Lemma card_hr_ic_edges : #|ic_edges E| = r * 2 ^ r.-1.
Proof.
have ic_sym : symmetric (ic_adj E).
  by move=> C D; apply/idP/idP; apply: ic_adj_sym hr_unmixed.
have ic_irr : irreflexive (ic_adj E) by move=> C; rewrite /ic_adj eqxx !andbF.
apply/eqP; rewrite -(eqn_pmul2r (isT : 0 < 2)) handshake //.
rewrite (bigID (mem (min_covers E))) /=.
rewrite [X in _ + X == _]big1 => [|C /negPf notminC]; last first.
  by apply/eqP; rewrite cards_eq0; apply/eqP/setP => D; rewrite !inE /ic_adj notminC.
rewrite (eq_bigr (fun=> r)) => [|C]; last exact: hr_ic_degree.
rewrite sum_nat_const card_hr_min_covers addn0 -mulnA -expnSr.
by case: (posnP r) => [->|r_gt0]; rewrite ?muln0 // prednK // mulnC.
Qed.
End HrGraph.

Lemma matching_hr_labelling (T : finType) (e : rel T) (A : {set T}) (f : T -> T) :
  symmetric e -> (forall x y, e x y -> (x \in A) != (y \in A)) ->
  {in A &, injective f} -> {in A, forall x, e x (f x)} -> #|~: A| = #|A| ->
  exists2 phi : 'I_(#|A| + #|A|) -> T,
    bijective phi & forall x y, hr_edge _ x y -> e (phi x) (phi y).
Proof.
move=> e_sym cross f_inj ef cardAC.
have fA x : x \in A -> f x \notin A.
  by move=> xA; have := cross _ _ (ef x xA); rewrite xA; case: (f x \in A).
pose a (j : 'I_#|A|) := enum_val j; have aA j : a j \in A := enum_valP j.
pose phi x := if hr_side x then f (a (hr_index x)) else a (hr_index x).
have phi_inj : injective phi.
  move=> x y; rewrite -(hr_vertexK x) -(hr_vertexK y) /phi !hr_index_vertex !hr_side_vertex.
  case: (hr_side x); case: (hr_side y) => /=.
  - by move/(f_inj _ _ (aA _) (aA _))/enum_val_inj->.
  - by move=> eq_fa; have := fA _ (aA (hr_index x)); rewrite eq_fa aA.
  - by move=> eq_af; have := fA _ (aA (hr_index y)); rewrite -eq_af aA.
  - by move/enum_val_inj->.
exists phi; first by apply: (inj_card_bij phi_inj); rewrite card_ord -(cardsC A) cardAC.
move=> x y; rewrite hr_edgeE => /eqP->.
rewrite /phi /hr_mate hr_index_vertex hr_side_vertex.
by case: (hr_side x) => /=; [rewrite e_sym|]; apply: ef.
Qed.

Lemma unmixed_bipartite_hr_labelling (T : finType) (e : rel T) :
  symmetric e -> unmixed e -> bipartite e -> no_isolated e ->
  exists2 phi : 'I_(alpha0 e + alpha0 e) -> T,
    bijective phi & forall x y, hr_edge _ x y -> e (phi x) (phi y).
Proof.
move=> e_sym unm [c col] noiso; pose A := [set x | c x].
have crossA x y : e x y -> (x \in A) != (y \in A) by rewrite !inE; apply: col.
have crossAC x y : e x y -> (x \in ~: A) != (y \in ~: A).
  by move/crossA; rewrite !in_setC; case: (x \in A); case: (y \in A).
have minA := crossing_min_cover noiso crossA.
have [f f_inj fN] := hall_marriage (crossing_hall_cond e_sym unm minA crossA).
rewrite (alpha0_unmixed unm minA).
apply: matching_hr_labelling e_sym crossA f_inj _ _ => [x /fN|]; first by rewrite inE.
exact: unm (crossing_min_cover noiso crossAC) minA.
Qed.

Section HrPreimage.
Variables (T : finType) (e : rel T) (r : nat) (phi : 'I_(r + r) -> T).
Hypotheses (phi_bij : bijective phi)
  (phi_hom : forall x y, hr_edge r x y -> e (phi x) (phi y))
  (card_min_cover : {in min_covers e, forall C : {set T}, #|C| = r}).

Lemma card_hr_preim (C : {set T}) : #|phi @^-1: C| = #|C|.
Proof. exact: on_card_preimset (onW_bij _ phi_bij). Qed.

+===+

Work task
Of the entries listed above, reproduce only the lines starting at the line containing "pose a (j : 'I_#|A|)" and ending at the line containing "Lemma unmixed_bipartite_hr_labelling (T". Include both, exactly as they stand.

Your response
pose a (j : 'I_#|A|) := enum_val j; have aA j : a j \in A := enum_valP j.
pose phi x := if hr_side x then f (a (hr_index x)) else a (hr_index x).
have phi_inj : injective phi.
  move=> x y; rewrite -(hr_vertexK x) -(hr_vertexK y) /phi !hr_index_vertex !hr_side_vertex.
  case: (hr_side x); case: (hr_side y) => /=.
  - by move/(f_inj _ _ (aA _) (aA _))/enum_val_inj->.
  - by move=> eq_fa; have := fA _ (aA (hr_index x)); rewrite eq_fa aA.
  - by move=> eq_af; have := fA _ (aA (hr_index y)); rewrite -eq_af aA.
  - by move/enum_val_inj->.
exists phi; first by apply: (inj_card_bij phi_inj); rewrite card_ord -(cardsC A) cardAC.
move=> x y; rewrite hr_edgeE => /eqP->.
rewrite /phi /hr_mate hr_index_vertex hr_side_vertex.
by case: (hr_side x) => /=; [rewrite e_sym|]; apply: ef.
Qed.

Lemma unmixed_bipartite_hr_labelling (T : finType) (e : rel T) :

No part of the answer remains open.